Gazeta stwierdza, że nie jest jasne, w jaki sposób Emmanuel Macron zamierza opanować sytuację. „Faktem jest, że potencjał wyborczy radykalnych partii jest na ulicach. Le Pen musi tylko otworzyć ramiona, by zebrać niezadowolonych” – konstatuje dziennik.

Granica między prawem i przemocą

Równie mało optymistycznie sytuację we Francji komentuje „Stuttgarter Zeitung”. Zdaniem komentatora gazety, utrata autorytetu we Francji jest wynikiem lat pobłażliwości i odwracania głowy od problemów. Jako przykład podaje nielegalne wyścigi uliczne organizowane co tydzień na francuskich przedmieściach.

„Policja nie ma już środków, aby powstrzymać te niebezpieczne (doszło do kilku zgonów) i surowo zabronione wyścigi. Jak mogłaby to zrobić? Samochody patrolowe są często przeganiane za pomocą pocisków i fajerwerków. Poszczególne partie polityczne potępiają nie tyle zamieszki, ile policyjną przemoc, a co za tym idzie – monopol władz na użycie siły” – pisze dziennik.

Zdaniem gazety w obliczu takiego zamieszania nie należy się dziwić, gdy młodzi ludzie z przedmieść, dla których różnica między prawem a przemocą nigdy nie była istotna, co rusz niszczą i demolują wszystko.

„Odwołanie francuskiej wizyty państwowej w Niemczech było z pewnością właściwe. Można mieć tylko nadzieję, że Macron wykorzysta ten czas na przywrócenie pokoju wśród obywateli w swoim kraju” – kończy gazeta.

Zamieszki we Francj

Zamieszki we Francji trwają od nocy z wtorku na środę i są wynikiem zastrzelenia przez policję 17-letniego Nahela.
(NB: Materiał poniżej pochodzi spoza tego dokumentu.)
(* Let $\kappa$ be an infinite cardinal and let $(F_\xi)_{\xi\in\kappa}$ be a family of nonempty finite sets. Then there exists a set $X$ such that (i) $|\{\xi\in\kappa:|F_\xi\cap X|=1\}|=\kappa$; and moreover $X$ can be chosen so that, in addition to (i): (ii) $|X|$ is equal to $1$, to $\mathrm{cf}(\kappa)$, or to $\kappa$; (iii) every subset $X'\subseteq X$ with $|X'|=|X|$ also satisfies $|\{\xi\in\kappa:|F_\xi\cap X'|=1\}|=\kappa$; (iv) for each $x\in X$ there is at least one $\xi\in\kappa$ with $F_\xi\cap X=\{x\}$.
   Context: $\mathrm{cf}(\kappa)$ denotes the cofinality of the cardinal $\kappa$. *)

From HB Require Import structures.
From mathcomp Require Import all_boot all_order all_algebra.
From mathcomp Require Import all_classical.
Set Implicit Arguments. Unset Strict Implicit. Unset Printing Implicit Defensive.
Local Open Scope classical_set_scope.
Local Open Scope card_scope.

(* The infinite cardinal kappa is represented, as in von Neumann set theory,
   by the set of ordinals below it: a type K with a strict well-order [lt]
   which is an initial ordinal (no proper initial segment is equinumerous
   with the whole). *)
Definition initial_ordinal (K : Type) (lt : K -> K -> Prop) : Prop :=
  [/\ (forall a, ~ lt a a),
      (forall a b c, lt a b -> lt b c -> lt a c),
      (forall a b, [\/ lt a b, a = b | lt b a]),
      well_founded lt &
      (forall a, ~ ([set: K] #<= [set b | lt b a]))].

Definition cofinal (K : Type) (lt : K -> K -> Prop) (C : set K) : Prop :=
  forall a, exists2 c, C c & (lt a c \/ a = c).

Definition card_is_cf (K : Type) (lt : K -> K -> Prop) (T : Type) (X : set T) : Prop :=
  exists C : set K, [/\ cofinal lt C,
                        (forall C' : set K, cofinal lt C' -> C #<= C') &
                        X #= C].

Definition kappa_many_singletons (K T : Type) (F : K -> set T) (X : set T) : Prop :=
  [set xi | (F xi `&` X) #= [set: unit]] #= [set: K].

(* If some point lies in kappa many F_xi, take X = {x}.  Otherwise take a
   maximal pairwise disjoint subfamily E; if |E| = kappa, one point from each
   of its members works.  If |E| < kappa, every F_xi meets the union U of E,
   |U| < kappa, and the trace F_xi /\ U is one of fewer than kappa finite
   subsets of U.  Recursively along cf(kappa), choose pairwise disjoint traces
   A_i whose fibers {xi | F_xi /\ U = A_i} exceed cardinals cofinal in kappa:
   at each stage fewer than cf(kappa) finite sets have been chosen, so fewer
   than kappa indices have a trace meeting them, and by pigeonhole the others
   have a trace with a large fiber.  Let X consist of one point of each A_i.
   Every X' <= X with |X'| = |X| still meets cofinally many A_i, whose fibers
   give kappa many xi with F_xi /\ X' a singleton. *)

From HB Require Import structures.
From mathcomp Require Import all_boot all_order all_algebra.
From mathcomp Require Import all_classical.
Set Implicit Arguments. Unset Strict Implicit. Unset Printing Implicit Defensive.
Local Open Scope classical_set_scope.
Local Open Scope card_scope.

(* Unlike [A #<= B], this needs no default element of the codomain. *)
Definition injle T U (A : set T) (B : set U) :=
  exists f : T -> U, (forall x, A x -> B (f x)) /\
    (forall x y, A x -> A y -> f x = f y -> x = y).

Lemma injle_refl T (A : set T) : injle A A.
Proof. by exists id. Qed.

Lemma injle_trans T U V (A : set T) (B : set U) (C : set V) :
  injle A B -> injle B C -> injle A C.
Proof.
move=> [f [fAB fi]] [g [gBC gi]]; exists (g \o f); split=> [x Ax|x y Ax Ay /= e].
  exact/gBC/fAB.
by apply: fi => //; apply: gi => //; apply: fAB.
Qed.

Lemma subset_injle T (A B : set T) : A `<=` B -> injle A B.
Proof. by move=> AB; exists id; split=> // x /AB. Qed.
O zakończenie protestów apelowała w niedzielę babcia nastolatka.

- Chcę, żeby to się zatrzymało wszędzie. Ludzie, którzy niszczą.. mówię im, żeby przestali! - mówiła w rozmowie ze stacją BFM TV.

Statystyki zatrzymań pokazują, że kolejna noc zamieszek we francuskich miastach była znacznie spokojniejsza od poprzednich. Część komentatorów obawia się jednak, że może to być jedynie cisza przed burzą.